Ada sebuah rahasia yang tersimpan di Menara ini adalah, di salah satu bagiannya ada pintu bawah tanah dan lorong yang menghubungkan menara dengan Masjid Istiqlal dan Museum Fatahillah. Nggak aneh, karena dulunya area ini memang difungsikan sebagai benteng.
Oya, kalau teman-teman mengunjungi menara ini, jangan lewatkan untuk naik ke atas ya. Karena kita bisa melihat pemandangan laut dan pelabuhan. Sayang, di bawahnya ada area yang banyak sampahnya yang sepertinya sedang dirapikan oleh pemprov DKI. Semoga ke depannya jadi bersih ya.
Setiap memasuki museum dan diceritakan sejarah masa lampaunya, memori saya selalu seperti tersedot ke masa lalu. Membayangkan bagaimana kondisi aslinya dahulu. Dimana banyak sekali tentara Belanda berkeliaran di sana dan rakyat Indonesia yang dipaksa menjadi pekerja-pekerja tanpa bayarannya. Sedih ya.
Satu hal yang disayangkan, museum ini tampak terlalu sederhana. Saya berharap, tidak hanya alat transportasi tradisional yang dipajang. Kalau saja perkembangan kelautan Indonesia hingga yang paling terkini juga disertakan beserta teknologi perkapalannya, museum ini akan lebih menarik pengunjung.
Bagi keluarga homeschooler seperti kami, museum adalah aset penting negara dan salah satu media belajar paling mengasyikkan daripada metode klasik. Jadi kalau konten museum lebih lengkap, saya pasti akan mendukung 100%.

Sunda Kelapa tampak dari atas Menara Syahbandar
Jam kunjungan Museum Bahari dan Menara Syahbandar
Lokasi Museum Bahari dan Menara Syahbandar ada di Jalan Pasar Ikan no. 1 Sunda Kelapa, Jakarta Utara.
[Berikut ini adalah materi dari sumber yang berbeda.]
(* Let two algebraically equivalent models (each one of the linear dynamic models described in the context) be written in stacked form as $$T_1x=v,\qquad T_2y=w,$$ where $x,y$ are zero-mean nonsingular Gaussian sequences over $[0,N]$, the nonsingular matrices $T_1,T_2$ are determined by the model parameters, and $v=[v_0',\ldots,v_N']'$, $w=[w_0',\ldots,w_N']'$ are the vectors of dynamic noise and boundary values with nonsingular covariances $\mathrm{Cov}(v)=P_1$, $\mathrm{Cov}(w)=P_2$. Then the sample paths of $v$ and $w$ are related by $$T_2'P_2^{-1}w=T_1'P_1^{-1}v .$$
   Context: Sequences are indexed by $[0,N]=(0,1,\ldots,N)$, $x_k\in\mathbb{R}^d$, $'$ denotes transpose. The models considered are linear dynamic models of the following types: forward/backward Markov, reciprocal, and forward/backward $CM_L$ and $CM_F$ models; each such model with its boundary condition can be written as $Tx=v$ with $T$ nonsingular and $v$ stacking the zero-mean Gaussian dynamic noise and boundary values. Two models $T_1x=v$, $T_2y=w$ are algebraically equivalent (AE) if $x=y$ (path-wise identical sequences). *)

From HB Require Import structures.
From mathcomp Require Import all_boot all_order all_algebra.
From mathcomp Require Import all_classical all_reals all_analysis.
Set Implicit Arguments. Unset Strict Implicit. Unset Printing Implicit Defensive.
Import Order.TTheory GRing.Theory Num.Theory.
Local Open Scope classical_set_scope.
Local Open Scope ring_scope.

(* Zero-mean nonsingular Gaussian random vector X : T -> 'cV_n
   (Cramer-Wold characterisation): every nonzero linear combination u'X is a
   measurable real random variable whose law is the centred normal law
   N(0, s^2) with s > 0 (s > 0 for every u <> 0 = nonsingular covariance). *)
Definition zm_nonsing_gaussian {d} {T : measurableType d} {R : realType}
  (P : probability T R) (n : nat) (X : T -> 'cV[R]_n) : Prop :=
  forall u : 'cV[R]_n, u != 0 ->
    measurable_fun setT (fun w => (u^T *m X w) 0 0) /\
    exists s : R, 0 < s /\
      forall A : set R, measurable A ->
        P ((fun w => (u^T *m X w) 0 0) @^-1` A) = normal_prob 0 s A.

Definition cov_mx {d} {T : measurableType d} {R : realType}
  (P : probability T R) (n : nat) (X : T -> 'cV[R]_n) : 'M[R]_n :=
  \matrix_(i, j) fine (covariance P (fun w => X w i 0) (fun w => X w j 0)).

From HB Require Import structures.
From mathcomp Require Import all_boot all_order all_algebra.
From mathcomp Require Import all_classical all_reals all_analysis.
From mathcomp Require Import ring measurable_realfun.
Import Order.TTheory GRing.Theory Num.Theory.
Local Open Scope classical_set_scope.
Local Open Scope ring_scope.

(* Since x = y path-wise, v = T1 x and w = T2 x.  The coordinates of a
   nonsingular Gaussian vector are centred normal, hence square integrable, so
   covariance is bilinear on them and Cov(T x) = T Cov(x) T'.  Both sides then
   equal Cov(x)^-1 x, because T' (T C T')^-1 T = C^-1 for invertible T. *)

Section normal_second_moment.
Context {R : realType}.
Local Notation mu := (@lebesgue_measure R).

Lemma integral_normal_prob (m s : R) (f : R -> \bar R) :
  (forall x, (0 <= f x)%E) -> measurable_fun setT f ->
  (\int[normal_prob m s]_x f x = \int[mu]_x (f x * (normal_pdf m s x)%:E))%E.
Proof.
move=> f0 mf; have ac := normal_prob_dominates m s.
rewrite -(Radon_Nikodym_SigmaFinite.change_of_variables ac) //.
have pdfE : ae_eq mu setT (Radon_Nikodym_SigmaFinite.f (normal_prob m s) mu)
    (fun x => (normal_pdf m s x)%:E).
  apply: integral_ae_eq => //.
  - exact: Radon_Nikodym_SigmaFinite.f_integrable.
  - by apply/measurable_EFinP; exact: measurable_normal_pdf.
  - by move=> A _ mA; rewrite -Radon_Nikodym_SigmaFinite.f_integral.
apply: ae_eq_integral => //.
- apply: emeasurable_funM => //.
  exact: measurable_int (Radon_Nikodym_SigmaFinite.f_integrable ac).
- apply: emeasurable_funM => //.
  by apply/measurable_EFinP; exact: measurable_normal_pdf.
- exact: ae_eqe_mul2l.
Qed.

Lemma normal_fun_sqr_le (s x : R) : s != 0 ->
  x ^+ 2 * normal_fun 0 s x <= s ^+ 2 *+ 4 * normal_fun 0 (s * Num.sqrt 2) x.
Proof.
move=> s0; rewrite /normal_fun !subr0.
have s2_neq0 : s ^+ 2 != 0 by rewrite expf_neq0.
set u := x ^+ 2 / (s ^+ 2 *+ 4).
have u_ge0 : 0 <= u by rewrite divr_ge0 ?mulrn_wge0 ?sqr_ge0.
have -> : (s * Num.sqrt 2) ^+ 2 *+ 2 = s ^+ 2 *+ 4.
  by rewrite exprMn sqr_sqrtr //; ring.
have -> : - x ^+ 2 / (s ^+ 2 *+ 4) = - u by rewrite mulNr.
have -> : - x ^+ 2 / (s ^+ 2 *+ 2) = - u + - u by rewrite /u; field.
have -> : x ^+ 2 = s ^+ 2 *+ 4 * u by rewrite /u; field.
rewrite expRD -mulrA ler_wpM2l ?mulrn_wge0 ?sqr_ge0 //.
rewrite mulrA ler_piMl ?expR_ge0 // expRN mulrC ler_pdivrMl ?expR_gt0 // mulr1.
by rewrite (le_trans _ (expR_ge1Dx u)) // lerDr.
Qed.

Lemma normal_prob_sqr_lty (s : R) : s != 0 ->
  (\int[normal_prob 0 s]_x (x ^+ 2)%:E < +oo)%E.
Proof.
move=> s0; set s' := s * Num.sqrt 2.
have s'_neq0 : s' != 0 by rewrite mulf_neq0 // sqrtr_eq0 -ltNge.
have msqr : measurable_fun setT (fun x : R => x ^+ 2) by exact: measurable_funX.
rewrite integral_normal_prob //; last first.
- exact/measurable_EFinP.
- by move=> x; rewrite lee_fin sqr_ge0.
set K := normal_peak s / normal_peak s' * s ^+ 2 *+ 4.
have K_ge0 : 0 <= K.
  by rewrite /K mulrn_wge0 // mulr_ge0 ?sqr_ge0 // divr_ge0 ?normal_peak_ge0.
have sqr_pdf_le x : x ^+ 2 * normal_pdf 0 s x <= K * normal_pdf 0 s' x.
  have peak'_neq0 : normal_peak s' != 0 by rewrite gt_eqF ?normal_peak_gt0.
  rewrite /normal_pdf (negbTE s0) (negbTE s'_neq0) /K.
  rewrite [X in _ <= X](_ : _ = normal_peak s *
      (s ^+ 2 *+ 4 * normal_fun 0 s' x)); last by field.
  by rewrite mulrCA ler_wpM2l ?normal_peak_ge0 ?normal_fun_sqr_le.
apply: (@le_lt_trans _ _ (\int[mu]_x (K%:E * (normal_pdf 0 s' x)%:E))%E).
  apply: ge0_le_integral => //.
  - by move=> x _; rewrite -EFinM lee_fin mulr_ge0 ?sqr_ge0 ?normal_pdf_ge0.
  - apply/measurable_EFinP; apply: measurable_funM => //.
    exact: measurable_normal_pdf.
  - apply/measurable_EFinP; apply: measurable_funM => //.
    exact: measurable_normal_pdf.
  - by move=> x _; rewrite -!EFinM lee_fin sqr_pdf_le.
rewrite (integralZl measurableT (integrable_normal_pdf 0 s')).
by rewrite integral_normal_pdf mule1 ltry.
Qed.

End normal_second_moment.

Section covariance_linear.
Context {d} {T : measurableType d} {R : realType} (P : probability T R).

(* Required to find the submodule structure of [Lfun P 2%:E]. *)
Let one_le_two : (1 <= 2%:E :> \bar R)%E. Proof. by rewrite lee1n. Qed.

Lemma Lfun2_lincomb (I : Type) (r : seq I) (a : I -> R) (X : I -> T -> R) :
  (forall k, X k \in Lfun P 2%:E) ->
  \sum_(k <- r) a k *: X k \in Lfun P 2%:E.
Proof.
by move=> X2; apply: rpred_sum => k _; apply: rpredZ; last exact: X2.
Qed.

Lemma covariance_lincomb_l (I : Type) (r : seq I) (a : I -> R)
    (X : I -> T -> R) (Z : T -> R) :
  (forall k, X k \in Lfun P 2%:E) -> Z \in Lfun P 2%:E ->
  covariance P (\sum_(k <- r) a k *: X k) Z =
  (\sum_(k <- r) a k * fine (covariance P (X k) Z))%:E.
Proof.
move=> X2 Z2.
have Pfin : P setT \is a fin_num := fin_num_measure P _ measurableT.
have Z1 := Lfun_subset12 Pfin Z2.
elim: r => [|k r IH]; first by rewrite !big_nil covariance_cst_l.
rewrite !big_cons covarianceDl ?Lfun2_lincomb ?rpredZ //.
have X1 := Lfun_subset12 Pfin (X2 k).
have XZ := Lfun2_mul_Lfun1 (X2 k) Z2.
rewrite IH EFinD; congr (_ + _)%E.
have -> : a k *: X k = (a k \o* X k)%R by apply/funext => t /=; rewrite mulrC.
rewrite covarianceZl //.
by rewrite EFinM fineK // covariance_fin_num.
Qed.

Lemma coord_mulmx_lincomb n (A : 'M[R]_n) (x : T -> 'cV[R]_n) i :
  (fun om => (A *m x om) i 0) = \sum_k A i k *: (fun om => x om k 0).
Proof. by apply/funext => om; rewrite mxE fct_sumE; apply: eq_bigr => k _. Qed.

Lemma cov_mx_mulmx n (A : 'M[R]_n) (x : T -> 'cV[R]_n) :
  (forall i, (fun om => x om i 0) \in Lfun P 2%:E) ->
  cov_mx P (fun om => A *m x om) = A *m cov_mx P x *m A^T.
Proof.
move=> x2; apply/matrixP => i j; rewrite !mxE !coord_mulmx_lincomb.
rewrite covariance_lincomb_l ?Lfun2_lincomb //=.
under [RHS]eq_bigr do rewrite !mxE big_distrl /=.
rewrite exchange_big /=; apply: eq_bigr => k _.
rewrite covarianceC covariance_lincomb_l //= big_distrr /=.
by apply: eq_bigr => l _; rewrite !mxE covarianceC [A j l * _]mulrC mulrA.
Qed.
End covariance_linear.

Lemma normal_law_Lfun2 {d} {T : measurableType d} {R : realType}
    {P : probability T R} {X : T -> R} {s : R} :
  measurable_fun setT X -> s != 0 ->
  (forall A : set R, measurable A -> P (X @^-1` A) = normal_prob 0 s A) ->
  X \in Lfun P 2%:E.
Proof.
move=> mX s0 lawX; rewrite inE; apply/andP; split; first by rewrite inE.
rewrite inE /= /finite_norm unlock /Lnorm; apply: poweR_lty.
have sqr_absE t : (`|(EFin \o X) t| `^ 2 = (X t ^+ 2)%:E)%E.
  by rewrite /= powR_mulrn ?normr_ge0 // real_normK ?num_real.
under eq_integral => t _ do rewrite sqr_absE.
(* [normal_prob] is a measure on [measurableTypeR R], the Borel sets of [R]. *)
have mX' : measurable_fun setT (X : T -> measurableTypeR R) by [].
have := ge0_integral_pushforward mX' P (D := setT) (f := fun y => (y ^+ 2)%:E).
rewrite preimage_setT => <- //; last first.
- by move=> y _; rewrite lee_fin sqr_ge0.
- by apply/measurable_EFinP; exact: measurable_funX.
rewrite (eq_measure_integral (normal_prob 0 s)).
  exact: normal_prob_sqr_lty.
by move=> A mA _; exact: lawX.
Qed.

Lemma zm_nonsing_gaussian_Lfun2 {d} {T : measurableType d} {R : realType}
    {P : probability T R} {n} {x : T -> 'cV[R]_n} :
  zm_nonsing_gaussian P x -> forall i, (fun om => x om i 0) \in Lfun P 2%:E.
Proof.
move=> gx i.
have e_i_neq0 : delta_mx i 0 != 0 :> 'cV[R]_n.
  by apply/eqP => /matrixP /(_ i 0) /eqP; rewrite !mxE !eqxx oner_eq0.
have [mxi [s [s_gt0 lawxi]]] := gx _ e_i_neq0.
have coordE : (fun om => ((delta_mx i 0 : 'cV[R]_n)^T *m x om) 0 0) =
    (fun om => x om i 0).
  by apply: funext => om; rewrite trmx_delta -rowE mxE.
rewrite coordE in mxi lawxi.
exact: normal_law_Lfun2 mxi (lt0r_neq0 s_gt0) lawxi.
Qed.

Lemma trmx_invmx_congruence (R : comUnitRingType) n (M C : 'M[R]_n) :
  M \in unitmx -> M *m C *m M^T \in unitmx ->
  M^T *m invmx (M *m C *m M^T) *m M = invmx C.
Proof.
move=> uM uMCM.
have uC : C \in unitmx by move: uMCM; rewrite !unitmx_mul => /andP[/andP[]].
have uMt : M^T \in unitmx by rewrite unitmx_tr.
set Q := M *m C *m M^T in uMCM *.
have MC_Q : M *m C = Q *m invmx M^T by rewrite /Q mulmxK.
apply: (can_inj (mulmxK uC)); rewrite /= mulVmx // -[_ *m C]mulmxA MC_Q.
by rewrite mulmxA mulmxKV // mulmxV.
Qed.

Theorem proposition3 (dT : measure_display) (T : measurableType dT)
  (R : realType) (P : probability T R) (d N : nat)
  (x y v w : T -> 'cV[R]_(N.+1 * d))
  (T1 T2 P1 P2 : 'M[R]_(N.+1 * d)) :
  zm_nonsing_gaussian P x -> zm_nonsing_gaussian P y ->
  T1 \in unitmx -> T2 \in unitmx ->
  (forall om, T1 *m x om = v om) ->
  (forall om, T2 *m y om = w om) ->
  P1 = cov_mx P v -> P2 = cov_mx P w ->
  P1 \in unitmx -> P2 \in unitmx ->
  (* algebraic equivalence: the two models generate path-wise identical sequences *)
  (forall om, x om = y om) ->
  forall om, T2^T *m invmx P2 *m w om = T1^T *m invmx P1 *m v om.
Proof.
move=> gx _ uT1 uT2 vE wE -> -> uP1 uP2 xy om.
have vxE : v = fun om => T1 *m x om by apply: funext => om'; rewrite vE.
have wxE : w = fun om => T2 *m x om by apply: funext => om'; rewrite xy wE.
have x2 := zm_nonsing_gaussian_Lfun2 gx.
rewrite vxE wxE !cov_mx_mulmx // in uP1 uP2 *.
by rewrite !mulmxA !trmx_invmx_congruence.
Qed.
Di dekatnya ada jembatan Intan dan gedung VOC. Jam buka 09.00 – 15.00 setiap Selasa hingga Minggu (Senin libur) dan tetap buka saat masa liburan. Loket museum berada di depan Menara Syahbandar, di sana kita juga bisa meminta bantuan guide agar kunjungan ke museum lebih optimal.
Yuk berkunjung ke museum dan belajar tentang sejarah negeri kita tercinta.
wah banyak sekali kapal pinisi, saya malah belum pernah liat secara langsung ini kapal2…apalagi orang2 londo dulusering nimbun hasil bumi di gudang2 gitu..
makanya indonesia gak sejahtera dulu, lha di monopoli
Indonesia kaya ya, tapi kekayaannya utk menghidupi dan membangun negara para penjajah
Aku pernah ke sini sekitar tahun 2012, emang kalau nggak pakai jasa guide agak sayang jadi nggak bisa mendalami cerita2 sejarahnya 😀
Iya, kalo aku wajib bareng guide. Spy paham
walah terakhir kesitu 2010, masih pakai hengpong jadul..jadi ga punya foto-foto bagus
kita dan anak2 bisa belajar dari sejarah lewat perjalanan seperti ini ya mba, menarik sekali 🙂
Aku malah belum pernah ke museum bahari mba. Iya seh dilihat dari fotonya sedikit menyeramkan, tapi penassaran pengen lihat dari dekat.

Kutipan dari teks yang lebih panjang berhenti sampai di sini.